History

Cosmoe began, in a way, back in the latter half of the 1990’s. When BeOS came out, I was amazed at the clean UI, the deeply integrated multi-processing support, and the light footprint of the OS. The operating systems of the day had none of those things. I always hoped that Apple would purchase Be and adapt it for the next version of MacOS. Alas, that never happened, and due to a series of missteps and mergers that did not align well with Be’s strengths, Be and its eponymous operating system faded away. Once the dust settled from that collapse, I held out hope that BeOS would be open-sourced, but that never came to pass either.

In 2000, I got involved with an open-source operating system called Atheos, written almost completely by one man: Kurt Skauen. It was an amazing effort that captured many of the core strengths of BeOS, including a very similar class library. The Achilles heel, however, was lack of hardware compatibility. Due to having it’s own home-grown kernel, hardware support was minimal, which made it difficult to use and develop for.

Once I got the know the internals of the Atheos project well, it became clear that adapting it to run on the Linux kernel would not only be feasible, but very beneficial for developing and running it. With significant contributions from another like-minded Atheos devotee, Tom Marshall, I adapted the Atheos code to work on Linux and eventually released the first version of Cosmoe in 2002.

Not long after, Kurt Skauen ceased all work Atheos, so the Atheos/Cosmoe synergy came to a halt. However, another similar project had recently started: OpenBeOS. As the name implied, their goal was to create an open-source clone of BeOS. With the Atheos project seemingly dead, and this new project picking up steam, it made sense to align Cosmoe with them going forward. Even better, whereas Atheos was somewhat BeOS-like, OpenBeOS aimed for perfect source and binary compatibility. Given that I had already started moving Cosmoe in that direction, this was a welcome sign of things to come.

Things progressed quickly for both projects, and there was nice collaboration. Since I had the luxury of working on Linux and using newer versions of the gcc compiler, I was able to root out compile issues before they hit the much larger OpenBeOS project. And of course Cosmoe benefited greatly from their continuous development of the Be class libraries.

My family had also been progressing quickly, and by 2007, I found myself with 5 children under the age of 10! That’s when I hit a wall. I had no free time left to devote to Cosmoe, and decided to set aside Cosmoe to focus on my family and my sanity.

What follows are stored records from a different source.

(* Let $n$ be even, and for $m\ge1$ let $\mathcal{C}_m=\mathbb{C}\{e_1,\dots,e_m\}$ denote the complex Clifford algebra with generators satisfying $e_j^2=-1$, $e_je_k=-e_ke_j$ ($j\ne k$), of dimension $2^m$, with $\mathcal{C}_n\subset\mathcal{C}_{n+1}$ naturally. Suppose there is an invertible $2^{n/2}\times2^{n/2}$ matrix $P_n$ over $\mathcal{C}_n$, not depending on $a$, such that for every $a\in\mathcal{C}_n$ the matrix $\phi_n(a):=P_n(aI_{2^{n/2}})P_n^{-1}$ has all entries in $\mathbb{C}$. Let $e_{[n+1]}=e_1e_2\cdots e_{n+1}$ and $r=(-1)^{\frac12(n+1)(n+2)}$, so that $e_{[n+1]}^2=r$, and fix a square root $\sqrt r\in\mathbb{C}$. Then every $a\in\mathcal{C}_{n+1}$ can be written as $a=a_0+a_1e_{[n+1]}=a_0+e_{[n+1]}a_1$ with $a_0,a_1\in\mathcal{C}_n$. Define $\overline{a}=a_0-a_1e_{[n+1]}$ and $D_a=\mathrm{diag}(aI_{2^{n/2}},\overline{a}I_{2^{n/2}})$. Let $$P_{n+1}=\frac12\begin{pmatrix}(1+\frac{1}{\sqrt r}e_{[n+1]})P_n & -(\sqrt r-e_{[n+1]})P_n\\ \frac1r(\sqrt r-e_{[n+1]})P_n & (1+\frac{1}{\sqrt r}e_{[n+1]})P_n\end{pmatrix},$$ $$P_{n+1}'=\frac12\begin{pmatrix}P_n^{-1}(1+\frac{1}{\sqrt r}e_{[n+1]}) & P_n^{-1}(\sqrt r-e_{[n+1]})\\ -P_n^{-1}\frac1r(\sqrt r-e_{[n+1]}) & P_n^{-1}(1+\frac1{\sqrt r}e_{[n+1]})\end{pmatrix}.$$ Then $P_{n+1}$ is invertible with $P_{n+1}^{-1}=P_{n+1}'$, and $$P_{n+1}D_aP_{n+1}^{-1}=\begin{pmatrix}\phi_n(a_0)+\sqrt r\,\phi_n(a_1) & 0\\ 0 & \phi_n(a_0)-\sqrt r\,\phi_n(a_1)\end{pmatrix},$$ a block diagonal matrix with two $2^{n/2}\times2^{n/2}$ complex blocks.
   Context: For an element $c$ and a matrix $M$, $cM$ (resp. $Mc$) denotes the matrix with entries $cM_{jk}$ (resp. $M_{jk}c$). Complex scalars commute with all Clifford elements. *)

From HB Require Import structures.
From mathcomp Require Import all_boot all_order all_algebra.
From mathcomp Require Export complex.
From mathcomp Require Export reals.
Set Implicit Arguments. Unset Strict Implicit. Unset Printing Implicit Defensive.
Import Order.TTheory GRing.Theory Num.Theory.
Local Open Scope ring_scope.

(* The Clifford algebra K{e_1,...,e_m} with e_j^2 = -1, e_j e_k = -e_k e_j,
   realised concretely as K-valued functions on subsets of {1..m}
   (index j-1 : 'I_m stands for the generator e_j).  The element
   [clif_blade S] is the basis monomial e_{s_1} e_{s_2} ... e_{s_k}
   with s_1 < ... < s_k the elements of S; dimension 2^m.            *)
Notation clif K m := ({ffun {set 'I_m} -> K}) (only parsing).

Section Clifford.
Variable K : comNzRingType.
Variable m : nat.
Local Notation clif := (clif K m).

Definition clif_blade (S : {set 'I_m}) : clif := [ffun T => (T == S)%:R].

(* sign of e_A e_B = clif_blade_sign A B * e_{A symdiff B}:
   one transposition for each pair (a in A, b in B, b < a),
   and a factor e_j^2 = -1 for each common index. *)
Definition clif_blade_sign (A B : {set 'I_m}) : K :=
  (-1) ^+ (#|[set p : 'I_m * 'I_m | [&& p.1 \in A, p.2 \in B & (p.2 < p.1)%N]]|
           + #|A :&: B|).

Definition clif_symdiff (A B : {set 'I_m}) : {set 'I_m} := (A :\: B) :|: (B :\: A).

Definition cmul (x y : clif) : clif :=
  [ffun S => \sum_(A : {set 'I_m}) \sum_(B : {set 'I_m} | clif_symdiff A B == S)
                clif_blade_sign A B * x A * y B].

Definition cone : clif := clif_blade set0.

Definition cscal (c : K) : clif := [ffun T => if T == set0 then c else 0].

Definition cgen (i : 'I_m) : clif := clif_blade [set i].

Definition is_scalar (x : clif) : Prop := exists c : K, x = cscal c.

Definition cmxmul p q r (A : 'M[clif]_(p, q)) (B : 'M[clif]_(q, r)) : 'M[clif]_(p, r) :=
  \matrix_(i, j) \sum_(k < q) cmul (A i k) (B k j).

Definition cmxscalar p (a : clif) : 'M[clif]_p :=
  \matrix_(i, j) if i == j then a else 0.

Definition cmxlmul p q (c : clif) (M : 'M[clif]_(p, q)) : 'M[clif]_(p, q) :=
  \matrix_(i, j) cmul c (M i j).
Definition cmxrmul p q (M : 'M[clif]_(p, q)) (c : clif) : 'M[clif]_(p, q) :=
  \matrix_(i, j) cmul (M i j) c.

End Clifford.

(* C_n inside C_{n+1}: elements with no component on monomials involving
   e_{n+1} (index ord_max). *)
Definition in_clif_sub (K : comNzRingType) (n : nat) (x : clif K n.+1) : Prop :=
  forall S : {set 'I_n.+1}, ord_max \in S -> x S = 0.

Definition clif_top (K : comNzRingType) (m : nat) : clif K m :=
  \big[@cmul K m/cone K m]_(i < m) cgen K i.

From HB Require Import structures.
From mathcomp Require Import all_boot all_order all_algebra.
From mathcomp Require Import complex reals.
From mathcomp Require Import ring.
Import Order.TTheory GRing.Theory Num.Theory.
Set Implicit Arguments. Unset Strict Implicit. Unset Printing Implicit Defensive.
Local Open Scope ring_scope.

(** Because n is even, e := e_[n+1] is central, and e^2 = r = s^2.  In the
    commutative subalgebra C[e] the elements (1 + e/s)/2 and (1 - e/s)/2 are
    complementary orthogonal idempotents on which e acts by s and -s, and the
    blocks of P_(n+1) are built from them: P_(n+1) = S diag(P_n, P_n) and
    P_(n+1)' = diag(P_n^-1, P_n^-1) S' for 2x2 block matrices S, S' with entries
    in C[e].  Then S S' = S' S = 1 and S diag(e, -e) S' = diag(s, -s), while S
    commutes with every diag(X, X).  Writing
    diag(a, abar) = diag(a0, a0) + diag(a1, a1) diag(e, -e), conjugation by
    P_(n+1) therefore reduces to conjugation of a0 and a1 by P_n. *)

Section Central.
Variable R : pzRingType.

Definition central (c : R) := forall x, GRing.comm c x.

Lemma central0 : central 0.
Proof. by move=> x; rewrite /GRing.comm mul0r mulr0. Qed.

Lemma centralN c : central c -> central (- c).
Proof. by move=> cC x; rewrite /GRing.comm mulNr mulrN cC. Qed.

End Central.

Section ScalarBlocks.
Variables (R : pzRingType) (p : nat).
Implicit Types (a b c d : R) (X Y : 'M[R]_p).

Definition scalar_block a b c d : 'M[R]_(p + p) := block_mx a%:M b%:M c%:M d%:M.

Definition diag_block X : 'M[R]_(p + p) := block_mx X 0 0 X.

Lemma scalar_blockM a b c d a' b' c' d' :
  scalar_block a b c d *m scalar_block a' b' c' d'
  = scalar_block (a * a' + b * c') (a * b' + b * d') (c * a' + d * c') (c * b' + d * d').
Proof. by rewrite mulmx_block -!scalar_mxM -!raddfD. Qed.

Lemma scalar_block1 : scalar_block 1 0 0 1 = 1%:M.
Proof. by rewrite /scalar_block raddf0 -scalar_mx_block. Qed.

Lemma diag_blockM X Y : diag_block X *m diag_block Y = diag_block (X *m Y).
Proof. by rewrite mulmx_block !mulmx0 !mul0mx !addr0 !add0r. Qed.

Lemma diag_block_scalar a : diag_block a%:M = a%:M.
Proof. by rewrite /diag_block -scalar_mx_block. Qed.

Lemma scalar_mx_central q c (M : 'M[R]_(p, q)) : central c -> c%:M *m M = M *m c%:M.
Proof.
move=> cC; apply/matrixP => i j; rewrite !mxE (bigD1 i) //= big1 => [|k /negbTE nki].
  rewrite (bigD1 j) //= [X in _ = _ + X]big1 => [|k /negbTE nkj].
    by rewrite !mxE !eqxx !mulr1n cC !addr0.
  by rewrite !mxE nkj mulr0n mulr0.
by rewrite !mxE eq_sym nki mulr0n mul0r.
Qed.

Lemma scalar_block_diag_blockC a b c d X :
  central a -> central b -> central c -> central d ->
  scalar_block a b c d *m diag_block X = diag_block X *m scalar_block a b c d.
Proof.
move=> ca cb cc cd; rewrite !mulmx_block !mulmx0 !mul0mx !addr0 !add0r.
by rewrite !scalar_mx_central.
Qed.

Lemma scale_block_mulmx h a b c d X :
  h *: block_mx (a *: X) (b *: X) (c *: X) (d *: X)
  = scalar_block (h * a) (h * b) (h * c) (h * d) *m diag_block X.
Proof.
rewrite scale_block_mx !scalerA mulmx_block !mulmx0 !addr0 !add0r.
by rewrite !mul_scalar_mx.
Qed.

Lemma scale_block_mulmxr h a b c d X : central h ->
  h *: block_mx (X *m a%:M) (X *m b%:M) (X *m c%:M) (X *m d%:M)
  = diag_block X *m scalar_block (h * a) (h * b) (h * c) (h * d).
Proof.
move=> cH; rewrite scale_block_mx mulmx_block !mul0mx !addr0 !add0r.
by rewrite -!mul_scalar_mx !mulmxA scalar_mx_central // -!mulmxA -!scalar_mxM.
Qed.

Lemma conj_diag_blockK (S S' : 'M[R]_(p + p)) P Q :
  S *m S' = 1%:M -> P *m Q = 1%:M -> S *m diag_block P *m (diag_block Q *m S') = 1%:M.
Proof.
move=> SS' PQ; rewrite -mulmxA (mulmxA (diag_block P)) diag_blockM PQ.
by rewrite diag_block_scalar mul1mx.
Qed.

Lemma conj_diag_blockKV (S S' : 'M[R]_(p + p)) P Q :
  S' *m S = 1%:M -> Q *m P = 1%:M -> diag_block Q *m S' *m (S *m diag_block P) = 1%:M.
Proof.
move=> S'S QP; rewrite -mulmxA (mulmxA S') S'S mul1mx diag_blockM QP.
exact: diag_block_scalar.
Qed.

Lemma conj_diag_blockE (S S' : 'M[R]_(p + p)) (P Q : 'M[R]_p) a0 a1 e t :
  (forall X, S *m diag_block X = diag_block X *m S) -> central e -> central t ->
  S *m S' = 1%:M -> S *m scalar_block e 0 0 (- e) *m S' = scalar_block t 0 0 (- t) ->
  S *m diag_block P *m block_mx (a0 + a1 * e)%:M 0 0 (a0 - a1 * e)%:M *m (diag_block Q *m S')
  = block_mx (P *m a0%:M *m Q + t *: (P *m a1%:M *m Q)) 0
             0 (P *m a0%:M *m Q - t *: (P *m a1%:M *m Q)).
Proof.
move=> SC cE cT SS' SeS'.
set X0 := P *m a0%:M *m Q; set X1 := P *m a1%:M *m Q; set Eb := scalar_block e 0 0 (- e).
have D_split : block_mx (a0 + a1 * e)%:M 0 0 (a0 - a1 * e)%:M
               = diag_block a0%:M + diag_block a1%:M *m Eb.
  rewrite /Eb /diag_block /scalar_block mulmx_block raddf0 !mulmx0 !mul0mx !addr0 !add0r.
  by rewrite add_block_mx !addr0 -!scalar_mxM mulrN !raddfD.
have EbC : Eb *m diag_block Q = diag_block Q *m Eb.
  exact: (scalar_block_diag_blockC _ cE (@central0 R) (@central0 R) (centralN cE)).
have inner : diag_block P *m block_mx (a0 + a1 * e)%:M 0 0 (a0 - a1 * e)%:M *m diag_block Q
             = diag_block X0 + diag_block X1 *m Eb.
  rewrite D_split mulmxDr mulmxDl !mulmxA !diag_blockM.
  by rewrite -[diag_block _ *m Eb *m _]mulmxA EbC mulmxA diag_blockM.
rewrite mulmxA -(mulmxA S) -(mulmxA S) inner mulmxDr mulmxDl SC -mulmxA SS' mulmx1.
rewrite mulmxA SC -(mulmxA (diag_block X1)) -(mulmxA (diag_block X1)) SeS'.
rewrite /diag_block /scalar_block mulmx_block raddf0 !mulmx0 !mul0mx !addr0.
rewrite add_block_mx !addr0 !add0r -(scalar_mx_central _ cT).
by rewrite -(scalar_mx_central _ (centralN cT)) !mul_scalar_mx scaleNr.
Qed.

End ScalarBlocks.

Section QuadraticSubalgebra.
Variables (F : fieldType) (A : algType F) (e : A) (s : F).
Hypotheses (e_central : central e) (e_sqr : e * e = (s ^+ 2)%:A).

(* The subalgebra F[e] is quadratic over F; its products are computed by quadM,
   which turns identities between its elements into identities in F. *)
Definition quad (a b : F) : A := a%:A + b *: e.

Lemma quadD a b c d : quad a b + quad c d = quad (a + c) (b + d).
Proof. by rewrite /quad addrACA !scalerDl. Qed.

Lemma quadN a b : - quad a b = quad (- a) (- b).
Proof. by rewrite /quad opprD -!scaleNr. Qed.

Lemma quadM a b c d : quad a b * quad c d = quad (a * c + b * d * s ^+ 2) (a * d + b * c).
Proof.
rewrite /quad mulrDl mulr_algl -scalerAl mulrDr mulr_algr -scalerAr e_sqr.
rewrite !scalerDr !scalerA !scalerDl -!addrA; congr (_ + _).
by rewrite addrA addrC.
Qed.

Lemma quad_central a b : central (quad a b).
Proof.
move=> x; rewrite /GRing.comm /quad mulrDl mulrDr mulr_algl mulr_algr.
by rewrite -scalerAl -scalerAr e_central.
Qed.

Lemma quad_alg a : a%:A = quad a 0.
Proof. by rewrite /quad scale0r addr0. Qed.

Lemma quad1 : 1 = quad 1 0.
Proof. by rewrite -quad_alg scale1r. Qed.

Lemma quad0 : 0 = quad 0 0.
Proof. by rewrite -quad_alg scale0r. Qed.

Lemma quad_e : e = quad 0 1.
Proof. by rewrite /quad scale0r add0r scale1r. Qed.

Variable p : nat.
Hypotheses (s_neq0 : s != 0) (two_neq0 : 2 != 0 :> F).

Let u : A := 1 + s^-1%:A * e.
Let v : A := s%:A - e.
Let w : A := (s ^+ 2)^-1%:A * v.
Let h : A := 2^-1%:A.

Definition split_block : 'M[A]_(p + p) := scalar_block p (h * u) (h * - v) (h * w) (h * u).
Definition split_block_inv : 'M[A]_(p + p) := scalar_block p (h * u) (h * v) (h * - w) (h * u).

Lemma split_blockK : split_block *m split_block_inv = 1%:M.
Proof.
rewrite scalar_blockM -scalar_block1 /h /w /u /v !quad_alg quad_e quad1 quad0.
rewrite !(quadM, quadN, quadD).
by congr scalar_block; congr quad; field; rewrite s_neq0 two_neq0.
Qed.

Lemma split_block_invK : split_block_inv *m split_block = 1%:M.
Proof.
rewrite scalar_blockM -scalar_block1 /h /w /u /v !quad_alg quad_e quad1 quad0.
rewrite !(quadM, quadN, quadD).
by congr scalar_block; congr quad; field; rewrite s_neq0 two_neq0.
Qed.

Lemma split_block_diagonalizes :
  split_block *m scalar_block p e 0 0 (- e) *m split_block_inv
  = scalar_block p s%:A 0 0 (- s%:A).
Proof.
rewrite !scalar_blockM /h /w /u /v !quad_alg quad_e quad1 quad0.
rewrite !(quadM, quadN, quadD).
by congr scalar_block; congr quad; field; rewrite s_neq0 two_neq0.
Qed.

Lemma split_block_diag_blockC X : split_block *m diag_block X = diag_block X *m split_block.
Proof.
by apply: scalar_block_diag_blockC; rewrite /h /w /u /v !quad_alg quad_e ?quad1
  !(quadM, quadN, quadD); apply: quad_central.
Qed.

End QuadraticSubalgebra.

(* {ffun _ -> K} already carries the pointwise ring structure of finfun; the
   alias is what lets the Clifford product be installed as the multiplication. *)
Definition clifford (K : comNzRingType) (m : nat) := {ffun {set 'I_m} -> K}.
HB.instance Definition _ K m := GRing.Zmodule.on (clifford K m).

Section CliffordModule.
Variables (K : comNzRingType) (m : nat).
Local Notation Cl := (clifford K m).

Definition clif_scale (k : K) (x : Cl) : Cl := [ffun S => k * x S].

Fact clif_scaleA a b (x : Cl) : clif_scale a (clif_scale b x) = clif_scale (a * b) x.
Proof. by apply/ffunP => S; rewrite !ffunE mulrA. Qed.

Fact clif_scale1 : left_id 1 clif_scale.
Proof. by move=> x; apply/ffunP => S; rewrite !ffunE mul1r. Qed.

Fact clif_scaleDr : right_distributive clif_scale +%R.
Proof. by move=> k x y; apply/ffunP => S; rewrite !ffunE mulrDr. Qed.

Fact clif_scaleDl (x : Cl) : {morph clif_scale^~ x : a b / a + b}.
Proof. by move=> a b; apply/ffunP => S; rewrite !ffunE mulrDl. Qed.

HB.instance Definition _ := GRing.Zmodule_isLmodule.Build K Cl
  clif_scaleA clif_scale1 clif_scaleDr clif_scaleDl.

In mid-2024, my 3rd son Joshua, not even born when I started this project but who is now in college studying to be a programmer himself, had some questions about operating systems. I decided to dust off Cosmoe and see if I could get it running again, to show him what I had worked on. At first it would only compile and run on extremely old 32-bit versions of Mandrake Linux from 2007. But I had caught the bug again. Not only had I forgotten how fun Cosmoe was to program, but the intervening 17 years of progress made by OpenBeOS (now Haiku) made the certain aspects of this revival come at lightning speed. Day by day, week by week, I got it running on newer versions of Linux, and re-synchronized it with ever-more-recent releases of Haiku. After about 2 months of late-night effort, I had a version of Cosmoe that was 64-bit compatible, ran on multiple modern Linux releases, and was almost completely up-to-date with the latest Haiku source changes.